С точки зрения сакрально-магических, т. е. непосредственных, взаимоотношений между миром людей и миром богов, князь не был исключительной фигурой – на каждом дворе были свои домовые святилища. Кроме того, сфера сакрально-магического не ограничивалась капищами. Подобно тому, как вся природа была населена божествами, так и все пространства человеческой жизни были полны ими. Все постройки, сохраняя преемственность по отношению к архаическим временам, были медиаторами между посюсторонним и потусторонним мирами. По существу, каждый, так или иначе, вступал в непосредственный контакт с добрыми и злыми силами, «всего лишь», переходя через порог или затапливая печь[276].
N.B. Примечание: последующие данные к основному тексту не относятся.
(* Vectors whose T-nilpotency orders are 1, 2, ..., N+1 are independent:
   T^N kills all but the last one. *)
Lemma lin_indep_nilpotency_orders T N (x : nat -> V) : linear T ->
  (forall i, (i <= N)%N -> iter i.+1 T (x i) = 0 /\ iter i T (x i) != 0) ->
  lin_indep (fun i : 'I_N.+1 => x i).
Proof.
move=> T_lin; elim: N => [|N IH] x_ord c sum0 i.
  have [_] := x_ord 0%N (leqnn 0); move: sum0; rewrite big_ord1 /= (ord1 i).
  by move/eqP; rewrite scaler_eq0 => /orP[/eqP|/eqP ->]; rewrite ?eqxx.
have [xN0 xN_nz] := x_ord N.+1 (leqnn _).
have cN0 : c ord_max = 0.
  move/(congr1 (iter N.+1 T)): sum0.
  rewrite linear_fun_sum; last exact: linear_iter.
  rewrite iter_linear_fun0 // big_ord_recr big1 => [|j _].
    by rewrite /= add0r => /eqP; rewrite scaler_eq0 (negbTE xN_nz) orbF => /eqP.
  have [xj0 _] := x_ord j (leqW (ltn_ord j)).
  by rewrite (iter_linear_fun_eq0 _ (ltn_ord j) xj0) ?scaler0.
have IHc := IH (fun i ilt => x_ord i (leqW ilt))
  (fun j => c (widen_ord (leqnSn _) j)).
have [ilt|ige] := ltnP i N.+1.
  have -> : i = widen_ord (leqnSn _) (Ordinal ilt) by exact: val_inj.
  by apply: IHc; move: sum0; rewrite big_ord_recr /= cN0 scale0r addr0.
suff -> : i = ord_max by [].
by apply/val_inj/eqP; rewrite eqn_leq ige -ltnS ltn_ord.
Qed.

End LinearOperators.

Section Commutator.
Variables (V : lmodType C) (T D B : V -> V).
Hypotheses (T_lin : linear T) (D_lin : linear D) (B_lin : linear B).
Hypothesis commDT : forall x, D (T x) - T (D x) = B x.
Hypothesis commBT : forall x, B (T x) = T (B x).

Let commTD x : T (D x) = D (T x) - B x.
Proof. by rewrite -commDT opprB addrC subrK. Qed.

Let commTB x : T (B x) = B (T x).
Proof. by rewrite commBT. Qed.

Lemma iter_commDT j x :
  iter j.+1 T (D x) = D (iter j.+1 T x) - j.+1%:R *: iter j T (B x).
Proof.
elim: j x => [|j IH] x; first by rewrite /= scale1r commTD.
rewrite iterS IH linear_funB // linear_funZ // commTD -iterS -addrA -opprD.
rewrite -!(iter_commute _ _ commTB) -iterS -{1}[iter _ T (B x)]scale1r.
by rewrite -scalerDl addrC -natr1.
Qed.

Lemma iter_D_eq0 k x : iter k T x = 0 -> iter k.+1 T (D x) = 0.
Proof.
move=> Tx0; rewrite iter_commDT iterS Tx0 !linear_fun0 //.
by rewrite iter_commute // Tx0 linear_fun0 // scaler0 subr0.
Qed.

Lemma iter_iterD_eq0 a x : T x = 0 -> iter a.+1 T (iter a D x) = 0.
Proof. by move=> Tx0; elim: a => [|a IH] //; exact: iter_D_eq0 IH. Qed.

Lemma iter_iterD a x : T x = 0 ->
  iter a T (iter a D x) = ((-1) ^+ a * a`!%:R) *: iter a B x.
Proof.
move=> Tx0; elim: a => [|a IH]; first by rewrite /= mulr1 scale1r.
rewrite [iter a.+1 D x]iterS iter_commDT iter_iterD_eq0 // linear_fun0 // sub0r.
rewrite (iter_commute _ _ commTB) IH (linear_funZ _ _ B_lin) scalerA -scaleNr.
by rewrite iterS factS natrM exprS; congr (_ *: _); ring.
Qed.

Lemma iter_iterD_neq0 a x : injective B -> T x = 0 -> x != 0 ->
  iter a T (iter a D x) != 0.
Proof.
move=> B_inj Tx0 x_nz; rewrite iter_iterD // scaler_eq0 negb_or mulf_eq0.
rewrite negb_or signr_eq0 pnatr_eq0 -lt0n fact_gt0 /=.
by elim: a => //= a IH; apply: injective_fun_neq0.
Qed.

Lemma lin_indep_ladder (P : nat -> V -> V) (w : nat -> V) N :
  injective B -> (forall a, linear (P a)) -> (forall a, injective (P a)) ->
  (forall a y, T (P a y) = P a (T y)) ->
  (forall a, T (w a) = 0) -> (forall a, w a != 0) ->
  lin_indep (fun a : 'I_N.+1 => P a (iter a D (w a))).
Proof.
move=> B_inj P_lin P_inj commTP Tw0 w_nz.
apply: (lin_indep_nilpotency_orders (x := fun a => P a (iter a D (w a))) T_lin).
move=> a _; rewrite !(iter_commute _ _ (commTP a)); split.
  by rewrite iter_iterD_eq0 // linear_fun0.
exact: injective_fun_neq0 (iter_iterD_neq0 _ B_inj (Tw0 a) (w_nz a)).
Qed.

End Commutator.

Section Pairing.
Variable n : nat.
Implicit Types (u : cvec n) (r s : zvec n).

Lemma pairingD u1 u2 r : pairing (u1 + u2) r = pairing u1 r + pairing u2 r.
Proof.
by rewrite /pairing -big_split; apply: eq_bigr => i _; rewrite ffunE mulrDl.
Qed.

Lemma pairingZ (c : C) u r : pairing (c *: u) r = c * pairing u r.
Proof.
by rewrite /pairing mulr_sumr; apply: eq_bigr => i _; rewrite ffunE mulrA.
Qed.

Lemma pairing_evec j r : pairing (evec j) r = (r j)%:~R.
Proof.
rewrite /pairing (bigD1 j) //= big1 ?addr0 => [|i /negbTE ij]; rewrite ffunE.
  by rewrite eqxx mul1r.
by rewrite ij mul0r.
Qed.

Lemma pairingr0 u : pairing u 0 = 0.
Proof. by rewrite /pairing big1 // => i _; rewrite ffunE mulr0. Qed.

Lemma pairing0r r : pairing 0 r = 0.
Proof. by rewrite /pairing big1 // => i _; rewrite ffunE mul0r. Qed.

Definition nonparallel r s := exists i j, r i * s j - r j * s i != 0.

Lemma nonparallel_sym r s : nonparallel r s -> nonparallel s r.
Proof.
move=> [i [j minor_nz]]; exists i, j; rewrite -oppr_eq0.
by congr (~~ (_ == 0)): minor_nz; ring.
Qed.

Lemma nonparallel_subl r s : nonparallel r s -> nonparallel (r - s) s.
Proof.
move=> [i [j minor_nz]]; exists i, j; rewrite !ffunE.
by congr (~~ (_ == 0)): minor_nz; ring.
Qed.

Lemma nonparallel_separating r s : nonparallel r s ->
  exists u, pairing u r = 0 /\ pairing u s != 0.
Proof.
move=> [i [j minor_nz]]; exists ((r j)%:~R *: evec i - (r i)%:~R *: evec j).
rewrite !pairingD -!scaleNr !pairingZ !pairing_evec; split; first by ring.
rewrite -oppr_eq0 -(intr_eq0 C) rmorphN rmorphB !rmorphM /= in minor_nz.
by congr (~~ (_ == 0)): minor_nz; ring.
Qed.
Множественность построек княжеского двора, отразившаяся в названии хоромы, начиная с И.Е. Забелина, связывалась с конструктивными особенностями деревянного зодчества, для которого модулем постройки служит бревно, а модулем пространства клеть[277]. Если же предположить, что каждая постройка и каждая функция наделены помимо конструктивных свойств еще и магическими, то хоромность дворов вполне адекватна множественности «непосредственного» присутствия многочисленных божеств языческой культуры. В этом отношении княжеский двор был подобен другим дворам своего времени, не отличаясь от них качественно – разве что размерами и количеством клетей, истьб, сенниц, и, конечно, диапазоном магических функций, имевших отношение к общине в целом[278]. Сам князь по сравнению с остальными членами общины был первым среди равных, но не единственной, исключительной фигурой.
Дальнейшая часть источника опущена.